And even if BellSouth did have competitors, it is likely that they would
both know and use the E911 information, since the specifications of this
particular phone service are standardized among the regional Bells.
     Moreover, as became clear in the course of the Neidorf trial, the
information contained in the E911 document was available to the general
public as well, for a nominal fee. (One of the dramatic developments at
trial occurred during the cross-examination of a BellSouth witness who had
testified that the E911 document was worth nearly $80,000.  Neidorf's
counsel showed her a publication containing substantially the same
information that was available from a regional Bell or from Bellcore, the
Bells' research arm, for $13 to any member of the public that ordered it
over an 800 number.) Under the circumstances, if the Bells wanted to
maintain the E911 information as a trade secret, they hadn't taken the
kind of steps one might normally think a keeper of a secret would take.

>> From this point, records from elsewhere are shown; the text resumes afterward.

(* Let $F$ be a field of characteristic $0$ and let $b_1,\dots,b_n$ be indeterminates. Then in the field $F(b_1,\dots,b_n)$ of rational functions, \[\sum_{\sigma\in S_n}\frac{\operatorname{sgn}(\sigma)}{b_{\sigma(1)}(b_{\sigma(1)}+b_{\sigma(2)})\cdots(b_{\sigma(1)}+\cdots+b_{\sigma(n)})}=2^n\frac{\prod_{1\le i<j\le n}(b_j-b_i)}{\prod_{1\le i\le j\le n}(b_i+b_j)},\] where $S_n$ is the symmetric group on $n$ letters. *)

From HB Require Import structures.
From mathcomp Require Import all_boot all_order all_algebra all_fingroup.
From mathcomp Require Import fraction.
From mathcomp Require Import mpoly.
Set Implicit Arguments. Unset Strict Implicit. Unset Printing Implicit Defensive.
Import GRing.Theory.
Local Open Scope ring_scope.

(* The field of rational functions F(b_1,...,b_n): the fraction field of the
   multivariate polynomial ring F[b_1,...,b_n] (indices shifted to 0..n-1). *)
Definition ratfun (F : fieldType) (n : nat) := {fraction {mpoly F[n]}}.

Definition bvar (F : fieldType) (n : nat) (i : 'I_n) : ratfun F n :=
  tofrac ('X_i : {mpoly F[n]}).

From HB Require Import structures.
From mathcomp Require Import all_boot all_order all_algebra all_fingroup.
From mathcomp Require Import fraction.
From mathcomp Require Import mpoly.
From mathcomp Require Import zify ring.
Set Implicit Arguments. Unset Strict Implicit. Unset Printing Implicit Defensive.
Import GRing.Theory.
Local Open Scope ring_scope.

(* The identity holds for any pairwise distinct x_1, ..., x_n in a field of
   characteristic not 2 whose nonempty subsums do not vanish, by induction
   on n.  Grouping the permutations by their value m = s(n), the last factor
   of every denominator is the full sum S, and the remaining sum is the
   left-hand side for the variables other than x_m, with sign (-1)^(n-m).
   By induction, and since removing x_m from the Vandermonde product and from
   the product of pair sums costs the factors prod_(i<>m) (x_m - x_i) and
   prod_j (x_m + x_j), what remains to show is
     sum_m prod_j (x_m + x_j) / prod_(i<>m) (x_m - x_i) = 2 S.
   The left-hand side is the divided difference of order n of the polynomial
   prod_j (X + x_j) - prod_j (X - x_j), of degree at most n; by Lagrange
   interpolation it is its coefficient of X^n, namely 2 S. *)

Section LiftOrder.
Variables (n : nat) (m : 'I_n.+1).

Lemma ltn_lift (i j : 'I_n) : (lift m i < lift m j)%N = (i < j)%N.
Proof. rewrite /= /bump; case: (leqP m i); case: (leqP m j); lia. Qed.

Lemma leq_lift (i j : 'I_n) : (lift m i <= lift m j)%N = (i <= j)%N.
Proof. rewrite /= /bump; case: (leqP m i); case: (leqP m j); lia. Qed.

Lemma ltn_pivot_lift (i : 'I_n) : (m < lift m i)%N = (m <= i)%N.
Proof. rewrite /= /bump; case: (leqP m i); lia. Qed.

Lemma leq_pivot_lift (i : 'I_n) : (m <= lift m i)%N = (m <= i)%N.
Proof. rewrite /= /bump; case: (leqP m i); lia. Qed.

Lemma ltn_lift_pivot (i : 'I_n) : (lift m i < m)%N = (i < m)%N.
Proof. rewrite /= /bump; case: (leqP m i); lia. Qed.

Lemma leq_lift_pivot (i : 'I_n) : (lift m i <= m)%N = (i < m)%N.
Proof. rewrite /= /bump; case: (leqP m i); lia. Qed.

End LiftOrder.

Lemma big_perm_lift (R : Type) (idx : R) (op : Monoid.com_law idx) n
    (i0 j0 : 'I_n.+1) (F : 'S_n.+1 -> R) :
  \big[op/idx]_(s : 'S_n.+1 | s i0 == j0) F s
    = \big[op/idx]_(s : 'S_n) F (lift_perm i0 j0 s).
Proof.
rewrite (reindex (lift_perm i0 j0)); last first.
  pose ulsf i (s : 'S_n.+1) k := odflt k (unlift (s i) (s (lift i k))).
  have ulsfK i (s : 'S_n.+1) k : lift (s i) (ulsf i s k) = s (lift i k).
    rewrite /ulsf; have := neq_lift i k.
    by rewrite -(can_eq (permK s)) => /unlift_some[] ? ? ->.
  have inj_ulsf : injective (ulsf i0 _).
    move=> s; apply: can_inj (ulsf (s i0) s^-1%g) _ => k'.
    by rewrite {1}/ulsf ulsfK !permK liftK.
  exists (fun s => perm (inj_ulsf s)) => [s _ | s].
    by apply/permP=> k'; rewrite permE /ulsf lift_perm_lift lift_perm_id liftK.
  move/(s _ =P _) => si0; apply/permP=> k.
  case: (unliftP i0 k) => [k'|] ->; rewrite ?lift_perm_id //.
  by rewrite lift_perm_lift -si0 permE ulsfK.
by apply: eq_bigl => s; rewrite lift_perm_id eqxx.
Qed.

Section PairProducts.
Variable R : comNzRingType.

Lemma prod_pairs_lift n (f : 'I_n.+1 -> 'I_n.+1 -> R) (r : nat -> nat -> bool)
    (m : 'I_n.+1) :
  (forall i j : 'I_n, r (lift m i) (lift m j) = r i j) ->
  \prod_(i < n.+1) \prod_(j < n.+1 | r i j) f i j
    = \prod_(j < n.+1 | r m j) f m j
      * \prod_(i < n | r (lift m i) m) f (lift m i) m
      * \prod_(i < n) \prod_(j < n | r i j) f (lift m i) (lift m j).
Proof.
move=> r_lift; rewrite (bigD1_ord m) //= -mulrA; congr (_ * _).
rewrite (big_mkcond (fun i => r (lift m i) m)) -big_split /=.
apply: eq_bigr => i _; rewrite big_mkcond (bigD1_ord m) //=; congr (_ * _).
by rewrite [RHS]big_mkcond; apply: eq_bigr => j _; rewrite r_lift.
Qed.

Lemma prod_if_leq_const n m (c : R) :
  \prod_(i < n) (if (m <= i)%N then c else 1) = c ^+ (n - m).
Proof.
elim: n => [|n IHn]; first by rewrite big_ord0 sub0n expr0.
rewrite big_ord_recr /= IHn; case: leqP => [le_mn|lt_nm].
  by rewrite -exprSr subSn.
by rewrite mulr1; congr (_ ^+ _); lia.
Qed.

Definition vandermonde n (x : 'I_n -> R) :=
  \prod_(i < n) \prod_(j < n | (i < j)%N) (x j - x i).

Definition pair_sum_prod n (x : 'I_n -> R) :=
  \prod_(i < n) \prod_(j < n | (i <= j)%N) (x i + x j).

Lemma vandermonde_lift n (x : 'I_n.+1 -> R) (m : 'I_n.+1) :
  vandermonde x = (-1) ^+ (n - m) * \prod_(i < n) (x m - x (lift m i))
                  * vandermonde (fun i => x (lift m i)).
Proof.
rewrite /vandermonde (@prod_pairs_lift n (fun i j => x j - x i) ltn m);
  last exact: ltn_lift.
congr (_ * _); rewrite big_mkcond (bigD1_ord m) //= ltnn mul1r.
rewrite [X in _ * X]big_mkcond -big_split -prod_if_leq_const -big_split /=.
apply: eq_bigr => i _; rewrite ltn_pivot_lift ltn_lift_pivot.
by case: leqP => _; rewrite ?mulr1 ?mulN1r ?opprB.
Qed.

Lemma pair_sum_prod_lift n (x : 'I_n.+1 -> R) (m : 'I_n.+1) :
  pair_sum_prod x = \prod_(j < n.+1) (x m + x j)
                    * pair_sum_prod (fun i => x (lift m i)).
Proof.
rewrite /pair_sum_prod (@prod_pairs_lift n (fun i j => x i + x j) leq m);
  last exact: leq_lift.
congr (_ * _); rewrite big_mkcond (bigD1_ord m) //= leqnn.
rewrite (bigD1_ord m) //= -mulrA; congr (_ * _).
rewrite [X in _ * X]big_mkcond -big_split /=.
apply: eq_bigr => i _; rewrite leq_pivot_lift leq_lift_pivot.
by case: leqP => _; rewrite ?mulr1 ?mul1r // addrC.
Qed.

End PairProducts.

Section Interpolation.
Variable K : fieldType.

Lemma size_prod_XsubC_ord n (a : 'I_n -> K) :
  size (\prod_(i < n) ('X - (a i)%:P)) = n.+1.
Proof. by rewrite size_prod_XsubC -[in RHS](card_ord n) cardT enumT. Qed.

     BellSouth had, however, taken the step of labelling the E911 document
this kind of labelling that Neidorf attempted to remove as he edited the
document for publication in Phrack).  This fact may have been responsible
for the federal prosecutors' oversight in not determining prior to trial
whethe E911 document met the tests of trade-secret law.  It is possible
that prosecutors, unfamiliar with the nuances of trade-secret law, read
the "proprietary" warnings and, reasonining backwards, concluded that the
information thus labelled must be trade-secret information.  If so, this
was a fatal error on the government's part.  In the face of strong
evidence that the E911 document was neither secret nor competitively or
financially very valuable, any hope the government had of proving the
document to be a trade secret evaporated. (Alternatively, the government
may have reasoned that the E911 information could be used by malicious
hackers to damage the telephone system in some way. The trial transcript
shows instances in which the government attempted to elicit information of
this sort. It should be noted, however, that even if the information did
lend itself to abuse and vandalism, this fact alone does not bring it
within the scope of trade-secret law.) 
     Nor did the facts lend themselves to a Carpenter-like theory based on
breach of confidence; Neidorf had no duties to BellSouth not to disclose
its information.  Neither did Riggs, from whom Neidorf acquired a copy of
the document.  The Riggs case lacks the linchpin necessary for a
conviction based on Carpenter--in order for nonfiduciaries to be convicted,
there must be a breaching fiduciary involved in the scheme in some way.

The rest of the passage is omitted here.